Норина предвидела такой вопрос. Она решила, что назваться собственным именем слишком рискованно, но, опасаясь забыть выдуманное имя, решила выпустить из собственного лишь один слог.

— Рина, — спокойно ответила она.

— Рина! — задумчиво повторил маркиз. — А теперь расскажите мне о вашем муже. Вы любили его?

— Конечно, — торопливо ответила Норина, — но мне не хотелось бы говорить о нем… и о себе тоже.

— Ну вот, вы снова прячетесь от меня. Я напрасно пытаюсь представить себе вас и вашу жизнь, ваш характер. А вы не даете мне даже опознавательных знаков.

— Это было бы слишком просто! — заметила девушка. — Вы должны обо всем догадаться сами.

Продолжая разговор, Норина посмотрела в окно. Уже стемнело.

— В небе зажглись звезды, — стала рассказывать Норина. — Мы только что проехали маленькую деревушку, в каждом доме светятся окна. Это очень романтическое зрелище!

— Это представляется вам идиллией, местом для влюбленых? — Не дождавшись ответа, он продолжал: — Ну да, конечно это так!
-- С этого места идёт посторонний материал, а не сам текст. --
(* Let $n\ge 1$ and let $E,F$ be tagged edges of the punctured $(n,\infty)$-gon $\mathcal{P}_{n,\infty}$. Then $(E,F)$ is an elementary move if and only if $(\tau F, E)$ is an elementary move.
   Context: $\mathcal{P}_{n,\infty}$: the closed unit disk $D\subset\mathbb{R}^2$ with a puncture (marked point) at the origin and boundary marked points labeled $(h,a)$, $h\in\{1,\dots,n\}$, $a\in\mathbb{Z}$, arranged on $\partial D$ so that, going counterclockwise, the points of block $h$ appear in increasing order of $a$, the blocks appear in the cyclic order $1,2,\dots,n$, and the marked points accumulate from both sides exactly at $n$ unmarked points $a_1,\dots,a_n\in\partial D$, with $a_h$ lying between block $h$ and block $h+1$ (indices mod $n$); there are no one-sided accumulation points. For a boundary marked point $P=(h,a)$ write $P^+=(h,a+1)$, $P^-=(h,a-1)$, $P^{++}=(h,a+2)$. Tagged edges: for each ordered pair of distinct boundary marked points $P\neq Q$ with $Q\neq P^+$, the edge $E_{P,Q}$ is the homotopy class (in $D$ minus the puncture, relative endpoints) of a non-self-crossing path from $P$ to $Q$ through the interior of $D$ minus the puncture, homotopic to the counterclockwise boundary path from $P$ to $Q$; and for each boundary marked point $P$ there are two tagged edges $E^{+1}_{P,P}$ and $E^{-1}_{P,P}$, each drawn as the segment from $P$ to the puncture (tagged if the sign is $-1$). Translation: $\tau(E_{P,Q})=E_{P^+,Q^+}$ for $P\neq Q$, and $\tau(E^{\epsilon}_{P,P})=E^{-\epsilon}_{P^+,P^+}$. Elementary move: a pair $(E,F)$ of distinct tagged edges such that one of the following holds, with $P=(h_1,a_1)$, $Q=(k_1,b_1)$: (i) if $E=E_{P,Q}$ with $Q=P^{++}$, then $F=E_{P^-,Q}$; (ii) if $E=E_{P,Q}$ with $h_1\ne k_1$, or with $h_1=k_1$ and $Q$ lying (in the cyclic order starting at $P$) at or after $P^{+++}=(h_1,a_1+3)$ and strictly before $P^-$, then $F=E_{P^-,Q}$ or $F=E_{P,Q^-}$; (iii) if $E=E_{P,Q}$ with $Q=P^-$, then $F=E_{P,Q^-}$ or $F=E^{+1}_{Q,Q}$ or $F=E^{-1}_{Q,Q}$; (iv) if $E=E^{\epsilon}_{P,P}$, then $F=E_{P,P^-}$. *)

From mathcomp Require Import all_boot.
From Stdlib Require Import ZArith.

Set Implicit Arguments.
Unset Strict Implicit.
Unset Printing Implicit Defensive.

Local Open Scope Z_scope.

(* Boundary marked point (h,a): block h (blocks 1..n indexed here by 'I_n,
   i.e. 0-based; only equality of blocks and their cyclic order matter), a : Z. *)
Definition bpoint (n : nat) : Type := ('I_n * Z)%type.

(* (h,a) |-> (h,a+k);  P^+ = shift P 1, P^- = shift P (-1), P^{++} = shift P 2 *)
Definition shift {n : nat} (P : bpoint n) (k : Z) : bpoint n := (P.1, P.2 + k).

(* Sign of a tag: Pos = +1 (plain), Neg = -1 (tagged). *)
Inductive tsign : Type := Pos | Neg.
Definition sneg (e : tsign) : tsign := match e with Pos => Neg | Neg => Pos end.

(* Raw tagged edges: Arc P Q stands for E_{P,Q} (P <> Q), Tg e P for E^e_{P,P}. *)
Inductive tedge (n : nat) : Type :=
| Arc : bpoint n -> bpoint n -> tedge n
| Tg  : tsign -> bpoint n -> tedge n.
Arguments Arc {n} _ _.
Arguments Tg {n} _ _.

Definition is_tedge {n : nat} (E : tedge n) : Prop :=
  match E with
  | Arc P Q => P <> Q /\ Q <> shift P 1
  | Tg _ _ => True
  end.

Definition tau {n : nat} (E : tedge n) : tedge n :=
  match E with
  | Arc P Q => Arc (shift P 1) (shift Q 1)
  | Tg e P => Tg (sneg e) (shift P 1)
  end.

(* Condition of case (ii) for E_{P,Q}, P=(h1,a1), Q=(k1,b1):
   h1 <> k1, or h1 = k1 and Q lies, in the counterclockwise cyclic order starting
   at P, at or after P^{+++} and strictly before P^-.  Going counterclockwise from
   P = (h1,a1) one meets (h1,a1+1), (h1,a1+2), ... , the other blocks, and then
   (h1,b) for b < a1 in increasing order, ending with P^- = (h1,a1-1). *)
Definition case_ii_cond {n : nat} (P Q : bpoint n) : Prop :=
  P.1 <> Q.1 \/ (P.1 = Q.1 /\ (P.2 + 3 <= Q.2 \/ Q.2 <= P.2 - 2)).

Definition elem_move {n : nat} (E F : tedge n) : Prop :=
  E <> F /\
  match E with
  | Arc P Q =>
      (Q = shift P 2 /\ F = Arc (shift P (-1)) Q)
   \/ (case_ii_cond P Q /\
        (F = Arc (shift P (-1)) Q \/ F = Arc P (shift Q (-1))))
   \/ (Q = shift P (-1) /\
        (F = Arc P (shift Q (-1)) \/ F = Tg Pos Q \/ F = Tg Neg Q))
  | Tg e P =>
      F = Arc P (shift P (-1))
  end.

(** An elementary move has one of four shapes: lower the source of an arc
   [E_{P,Q}] to [P^-], lower its target to [Q^-], pass from [E_{P,P^-}] to a
   tagged edge at [P^-], or pass from a tagged edge at [P] to [E_{P,P^-}].
   Sending [(E,F)] to [(tau F, E)] exchanges the first two shapes and the last
   two.  The side conditions agree because, inside one block, the source of
   [E_{P,Q}] may be lowered iff [Q] is at distance at least 2 from [P], and the
   target iff [Q^-] is. *)
From Stdlib Require Import ZArith Lia.
From mathcomp Require Import all_boot.
(* Imported last, so that [shift] does not denote [Zpower.shift]. *)

Set Implicit Arguments.
Unset Strict Implicit.
Unset Printing Implicit Defensive.

Local Open Scope Z_scope.

Section Moves.

Variable n : nat.
Implicit Types (P Q : bpoint n) (E F : tedge n) (e : tsign).

Lemma shift_predK P : shift (shift P (-1)) 1 = P.
Proof. by case: P => h a; rewrite /shift /=; congr (_, _); lia. Qed.

Lemma shift_succK P : shift (shift P 1) (-1) = P.
Proof. by case: P => h a; rewrite /shift /=; congr (_, _); lia. Qed.

Lemma shift_id P (k : Z) : shift P k = P -> k = 0.
Proof. by case: P => h a [] /=; lia. Qed.

Lemma snegK : involutive sneg.
Proof. by case. Qed.

Lemma tau_eq_Arc F P Q : tau F = Arc P Q -> F = Arc (shift P (-1)) (shift Q (-1)).
Proof. by case: F => [R S|f R] //= [<- <-]; rewrite !shift_succK. Qed.

Lemma tau_eq_Tg F e P : tau F = Tg e P -> F = Tg (sneg e) (shift P (-1)).
Proof. by case: F => [R S|f R] //= [<- <-]; rewrite snegK shift_succK. Qed.

Definition source_movable P Q := Q = shift P 2 \/ case_ii_cond P Q.
Definition target_movable P Q := case_ii_cond P Q \/ Q = shift P (-1).

Lemma source_movableE P Q :
  source_movable P Q <-> (P.1 = Q.1 -> Q.2 <= P.2 - 2 \/ P.2 + 2 <= Q.2).
Proof.
case: P Q => [h a] [k b]; rewrite /source_movable /case_ii_cond /shift /=.
case: (eqVneq h k) => [<-|/eqP hk]; last by split=> // _; right; left.
rewrite pair_equal_spec; split=> [|/(_ erefl) b_range]; first by intuition lia.
by case: (Z.eq_dec b (a + 2)) => b_eq; [left | right; right; split=> //; lia].
Qed.

Lemma target_movableE P Q :
  target_movable P Q <-> (P.1 = Q.1 -> Q.2 <= P.2 - 1 \/ P.2 + 3 <= Q.2).
Proof.
case: P Q => [h a] [k b]; rewrite /target_movable /case_ii_cond /shift /=.
case: (eqVneq h k) => [<-|/eqP hk]; last by split=> // _; left; left.
rewrite pair_equal_spec; split=> [|/(_ erefl) b_range]; first by intuition lia.
by case: (Z.eq_dec b (a + -1)) => b_eq; [right | left; right; split=> //; lia].
Qed.

Lemma target_movable_succr P Q : target_movable P (shift Q 1) <-> source_movable P Q.
Proof.
rewrite target_movableE source_movableE /=.
by split=> H /H; lia.
Qed.

Lemma source_movable_succl P Q : source_movable (shift P 1) Q <-> target_movable P Q.
Proof.
rewrite target_movableE source_movableE /=.
by split=> H /H; lia.
Qed.

Inductive move : tedge n -> tedge n -> Prop :=
| move_source P Q of source_movable P Q : move (Arc P Q) (Arc (shift P (-1)) Q)
| move_target P Q of target_movable P Q : move (Arc P Q) (Arc P (shift Q (-1)))
| move_to_puncture e P : move (Arc P (shift P (-1))) (Tg e (shift P (-1)))
| move_from_puncture e P : move (Tg e P) (Arc P (shift P (-1))).

Lemma elem_moveE E F : elem_move E F <-> move E F.
Proof.
split.
  case: E => [P Q|e P] [_]; last by move->; apply: move_from_puncture.
  case=> [[-> ->]|[[ii [->|->]]|[-> [->|[->|->]]]]].
  - by apply: move_source; left.
  - by apply: move_source; right.
  - by apply: move_target; left.
  - by apply: move_target; right.
  - exact: move_to_puncture.
  - exact: move_to_puncture.
case=> [P Q ok|P Q ok|e P|e P]; split=> //=.
- by case=> /esym/shift_id.
- by case: ok => [->|ii]; [left | right; left; split=> //; left].
- by case=> /esym/shift_id.
- case: ok => [ii|->]; first by right; left; split=> //; right.
  by right; right; split=> //; left.
- by right; right; split=> //; case: e; [right; left | right; right].
Qed.

Lemma move_tau E F : move E F -> move (tau F) E.
Proof.
case=> [P Q ok|P Q ok|e P|e P] /=; rewrite ?shift_predK.
- by move/target_movable_succr/move_target: ok; rewrite shift_succK.
- by move/source_movable_succl/move_source: ok; rewrite shift_succK.
- exact: move_from_puncture.
- by have := move_to_puncture e (shift P 1); rewrite shift_succK.
Qed.

Lemma tau_move E F : move (tau F) E -> move E F.
Proof.
move eG: (tau F) => G mv.
case: mv eG => [P Q ok|P Q ok|e P|e P]; [move/tau_eq_Arc->..|move/tau_eq_Tg->].
- by apply/move_target/source_movable_succl; rewrite shift_predK.
- by apply/move_source/target_movable_succr; rewrite shift_predK.
- exact: move_from_puncture.
- exact: move_to_puncture.
Qed.

End Moves.

Theorem lemma4p1 (n : nat) (hn : (0 < n)%N) (E F : tedge n) :
  is_tedge E -> is_tedge F ->
  (elem_move E F <-> elem_move (tau F) E).
Proof.
move=> _ _; rewrite !elem_moveE.
by split; [apply: move_tau | apply: tau_move].
Qed.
Женщины всегда ищут любви, а не найдя ее, ищут в себе физические недостатки.

— Боюсь, мсье, что та любовь, о которой вы говорите, не слишком отличается от того, что я видела в жизни.

— Ну что ж. расскажите мне об этом!

Подумав об отце и матери, Норина сказала:

— Настоящая любовь, которой жаждут, как вы совершенно справедливо заметили, все женщины, не что иное, как единение ума, сердца и души.

— Но вы забываете о теле!

— Тело — это все остальное, и это очень важно, конечно! Но самое главное для любящих — это родственные души. Если им представится случай встретиться, то я уверена, что они будут счастливы всю жизнь.

— Всю жизнь! Но это невозможно! — поправил ее маркиз. — Скажем лучше до смерти одного из них.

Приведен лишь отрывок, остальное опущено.